The scientists said 2024 will also be Hottest June on Record, the first year in which the planet is more than 1.5°C hotter than in the 1850-1900 pre-industrial period, when humans began burning fossil fuels on an industrial scale.

Carbon dioxide emissions from burning coal, oil and gas are the main cause of global warming.

 

Hottest June on Record

 

Sonia Seneviratne, a climate scientist at public research university ETH Zurich, said she was not surprised by the milestone, and urged governments at COP29 to agree stronger action to wean their economies off CO2-emitting fossil fuels.

“The limits that were set in the Paris agreement are starting to crumble given the too-slow pace of climate action across the world,” Seneviratne said.

Why June 2023 Was Exceptionally Hot

Scientists and climate experts have pointed to a combination of natural and human-made factors that contributed to the sweltering temperatures in June 2023.

1. The El Niño Phenomenon

One of the natural climate patterns, El Niño, began influencing the planet’s weather once more in 2023. El Niño is a periodic climate pattern originating from the Pacific Ocean that leads to warmer-than-average sea surface temperatures, subsequently impacting global weather systems. In 2023, the return of El Niño intensified seasonal temperatures, particularly in areas already prone to higher-than-average summer heat.
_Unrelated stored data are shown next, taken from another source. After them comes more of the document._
(* Minimality of Gamma in the orbit space: an open set of Y containing a point of
   p(Gamma) is all of Y.  Its pullback V contains Gamma by density of orbits,
   and every wandering orbit accumulates on Gamma, hence enters V. *)
Lemma open_gamma_full (U : set Y) (c : S1) :
  Gamma c -> open U -> U (proj c) -> U = setT.
Proof.
move=> Gc oU Uc; pose V := proj @^-1` U.
have oV : open V := oU.
have V_sat x y : orbit_rel f x y -> V x -> V y by move=> /projE e; rewrite /V /= e.
have GV : Gamma `<=` V.
  move=> y Gy; have := Gamma_minimal Gy Gc; rewrite closureEnbhs.
  case/(_ (zorbit f y) V) => [//||z [[[n|n] _ /=] Vz]].
  - by apply: open_nbhs_nbhs; split.
  - by case: Vz => _ -> <- Vz; apply: (V_sat _ _ _ Vz); apply/orbitP; exists 0%N, n.
  - by move: Vz => <- Vz; apply: (V_sat _ _ _ Vz); apply/orbitP; exists n.+1, 0%N.
apply/seteqP; split => // y _; rewrite -(proj_repr y); change (V (repr y)).
have [/GV //|/wandering_meets_J0 [x [Jx xy]]] := pselect (Gamma (repr y)).
apply: (V_sat _ _ xy).
have [q [_ clq]] := circle_compact (F := (fun n => iter n f x) @ \oo) _ filterT.
have [] := clq [set iter n f x | n in [set: nat]] V.
- by exists 0%N => // n _; exists n.
- by apply: open_nbhs_nbhs; split => //; exact/GV/(forward_cluster_gamma Jx).
by move=> _ [[n _ <-] Vn]; apply: (V_sat _ _ _ Vn); apply/orbitP; exists 0%N, n.
Qed.

(* Over a compact set C of Y avoiding p(Gamma), the fundamental domain J0 gives
   a compact lift: p restricted to J0 is injective and open. *)
Lemma compact_J0_trace (C : set Y) :
  compact C -> (forall y, C y -> ~ Gamma (repr y)) -> compact (J0 `&` proj @^-1` C).
Proof.
move=> cC CnG F PF FK.
have FC : (proj @ F) C by change (F (proj @^-1` C)); apply: filterS FK => x [].
have [y [Cy cly]] := cC _ _ FC.
have [x [Jx pxy]] := J0_section (CnG y Cy).
exists x; split; first by split => //; rewrite /= pxy.
move=> B N FB; rewrite nbhsE; move=> [W [oW Wx] WN].
have oPW : open (proj @` (W `&` J0)) by apply: orbit_proj_open => //; exact: openI.
have [] := cly (proj @` (B `&` (J0 `&` proj @^-1` C))) (proj @` (W `&` J0)).
- change (F (proj @^-1` (proj @` (B `&` (J0 `&` proj @^-1` C))))).
  by apply: filterS (filterI FB FK) => z zB; exists z.
- by apply: open_nbhs_nbhs; split => //; exists x; [split|].
move=> _ [[b [Bb [Jb _]] <-] [w [Ww Jw] /projE wb]].
by exists b; split => //; apply: WN; rewrite -(J0_orbit_inj Jw Jb wb).
Qed.

(* The compact-open control behind (CONT): a subbasic neighbourhood of psi(h)
   is the image of a subbasic neighbourhood of h.  If C meets p(Gamma), a single
   point of Gamma suffices (by minimality); otherwise C lifts to a compact K in J0. *)
Lemma psi_subbasic_control (h : End_delta f) (C U : set Y) :
  compact C -> open U -> psi (dmap h) @` C `<=` U ->
  exists K : set S1, [/\ compact K, dmap h @` K `<=` proj @^-1` U &
    forall k : End_delta f, dmap k @` K `<=` proj @^-1` U -> psi (dmap k) @` C `<=` U].
Proof.
move=> cC oU hCU.
have [[y [Cy Gy]]|CnG] := pselect (exists y, C y /\ Gamma (repr y)).
  exists [set repr y]; split; first exact: compact_set1.
    by move=> _ [_ -> <-]; rewrite /= -psi_proj proj_repr; apply: hCU; exists y.
  move=> k kK; have psiU_full : psi (dmap k) @^-1` U = setT.
    apply: (open_gamma_full Gy); first by apply: open_comp => // z _; exact: psi_continuous.
    by rewrite /= psi_proj; apply: kK; exists (repr y).
  by move=> _ [z _ <-]; have : (psi (dmap k) @^-1` U) z by rewrite psiU_full.
have {}CnG y : C y -> ~ Gamma (repr y) by move=> Cy Gy; apply: CnG; exists y.
exists (J0 `&` proj @^-1` C); split; first exact: compact_J0_trace.
  by move=> _ [x [Jx Cx] <-]; rewrite /= -psi_proj; apply: hCU; exists (proj x).
move=> k kK _ [y Cy <-]; have [x [Jx pxy]] := J0_section (CnG y Cy).
by rewrite -pxy psi_proj; apply: kK; exists x => //; split => //; rewrite /= pxy.
Qed.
2. Ongoing Global Warming Due to Greenhouse Gas Emissions

While El Niño contributed to the soaring temperatures, the underlying driver remains human-induced global warming. The release of greenhouse gases, including carbon dioxide (CO₂), methane (CH₄), and nitrous oxide (N₂O), has continuously raised global average

Countries agreed in the 2015 Paris Agreement to try to prevent global warming surpassing 1.5°C, to avoid its worst consequences. Hottest June on Record.
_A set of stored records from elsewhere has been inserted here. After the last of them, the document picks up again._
Lemma small_or_wide_arith (R : realFieldType) (d K s P : R) :
  0 <= d -> d <= 1/16 -> 511 <= K -> 1 <= s -> 8 * s <= K ->
  P <= (K - s) ^+ 2 -> (s < 2 -> P <= (K - s) * (K - s - 1)) ->
  P + s * (K + 2 * d * K + 4) <= K ^+ 2 - K - 1.
Proof.
move=> d0 d1 K511 s1 sK Psq Ps1.
have dKs : d * (K * s) <= 1/16 * (K * s) by apply: ler_wpM2r; nra.
have ss : (8 * s) * s <= K * s by apply: ler_wpM2r; lra.
have Ks : 511 * s <= K * s by apply: ler_wpM2r; lra.
case: (ltrP s 2) => [s2 | s2].
  by have := Ps1 s2; nra.
have : K * 2 <= K * s by apply: ler_wpM2l; lra.
nra.
Qed.

Lemma sparse_vertex_arith (R : realFieldType) (T d r K N a b : R) :
  0 < T -> 0 < d -> d <= 1/16 -> 32 <= d * (K + 1) -> K - 1 < r -> r <= K + 1 ->
  K ^+ 2 - K + 2 <= N -> 0 <= a -> 4 * d * a <= T -> 0 <= b ->
  a * ((1 - d) * r - 1) + b * (K - 1) <= T * (N - 1) ->
  a + b < T * (N - (K - 1) ^+ 2).
Proof.
(* If a + b >= W, then T (K - 2) <= a (K - (1 - d) r) <= T (1 + d (K + 1)) / (4 d),
   which fails as soon as d K is large. *)
move=> T0 d0 d1 dK Kr rK NK a0 aT b0 sum_le.
have K511 : 511 <= K by nra.
rewrite ltNge; apply/negP => W_le.
set W := T * (N - (K - 1) ^+ 2) in W_le.
have b_ge : (W - a) * (K - 1) <= b * (K - 1) by apply: ler_wpM2r; lra.
have W_gain : T * (K - 2) <= W * (K - 1) - T * (N - 1).
  have : 0 <= T * ((N - (K ^+ 2 - K + 2)) * (K - 2)) by apply: mulr_ge0; nra.
  rewrite /W; nra.
have a_loss : a * (K - (1 - d) * r) <= a * (1 + d * (K + 1)) by apply: ler_wpM2l => //; nra.
have a_small : 4 * d * (a * (1 + d * (K + 1))) <= T * (1 + d * (K + 1)).
  by rewrite mulrA; apply: ler_wpM2r => //; nra.
nra.
Qed.

Section UsefulPair.

Variables (R : rcfType) (V E : finType) (ve : E -> {set V}) (t k : nat) (delta : R).
Variables (e f : E).
(* For any two subsets $I,J\subseteq\{1,\dots,n\}$, $F_I=F_J$ if and only if $\overline I^0=\overline J^0$ (equivalently $\Pi_{\overline I^0}=\Pi_{\overline J^0}$).
   Context: Let $\mathfrak g$ be a finite-dimensional complex simple Lie algebra with root system $\Phi$, base $\Pi=\{\alpha_1,\dots,\alpha_n\}$, Weyl group $W$; $E$ is the real span of $\Pi$ with $W$-invariant inner product $(\cdot,\cdot)$. Fix a dominant integral weight $\lambda=\sum_i m_i\alpha_i$. For $x\in E$, $c_i(x)$ is the coefficient of $\alpha_i$ in $x$. Weight polytope $\mathbf P=\mathrm{conv}(W\lambda)$, and $F_I=\{x\in\mathbf P\mid c_i(x)=m_i\ \forall i\in I\}$ for $I\subseteq\{1,\dots,n\}$. The extended Dynkin diagram is the Dynkin diagram of $\Pi$ plus a node $\{-\lambda\}$ joined to $\alpha_i$ iff $(\lambda,\alpha_i)>0$. For $I\subseteq\{1,\dots,n\}$ with complement $\overline I$, $\overline I^0$ is the set of indices $j$ such that $\alpha_j$ lies in the connected component containing $\{-\lambda\}$ of the induced subdiagram on $\{\alpha_j\mid j\in\overline I\}\cup\{-\lambda\}$; $\Pi_{\overline I^0}=\{\alpha_j\mid j\in\overline I^0\}$. *)

From HB Require Import structures.
From mathcomp Require Import all_boot all_order all_algebra.
From mathcomp Require Import reals.
Set Implicit Arguments. Unset Strict Implicit. Unset Printing Implicit Defensive.
Import Order.TTheory GRing.Theory Num.Theory.
Local Open Scope ring_scope.

Section RootData.
Variables (R : realType) (n : nat).
Local Notation vec := 'rV[R]_n.

Definition dot (u v : vec) : R := \sum_(i < n) u 0 i * v 0 i.

Definition refl (a v : vec) : vec := v - ((2 * dot v a) / dot a a) *: a.

Definition root_system (Phi : seq vec) : Prop :=
  [/\ (0 : vec) \notin Phi,
      (<<Phi>>%VS = fullv),
      (forall a b, a \in Phi -> b \in Phi -> refl a b \in Phi),
      (forall a b, a \in Phi -> b \in Phi ->
         exists z : int, (2 * dot b a) / dot a a = z%:~R) &
      (forall a (c : R), a \in Phi -> c *: a \in Phi -> c = 1 \/ c = -1)].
The world has not breached that target — which refers to an average global temperature of 1.5°C over decades — but C3S now expects the world to exceed the Paris goal around 2030.

“It’s basically around the corner now,” Buontempo said.

Hottest June on Record, every fraction of temperature increase fuels extreme weather.

In October, catastrophic flash floods killed hundreds of people in Spain, record wildfires tore through Peru, and flooding in Bangladesh destroyed more than 1 million tons of rice, sending food prices skyrocketing. In the US, Hurricane Milton was also worsened by human-caused climate change.

C3S’ records go back to 1940, which are cross-checked with global temperature records going back to 1850.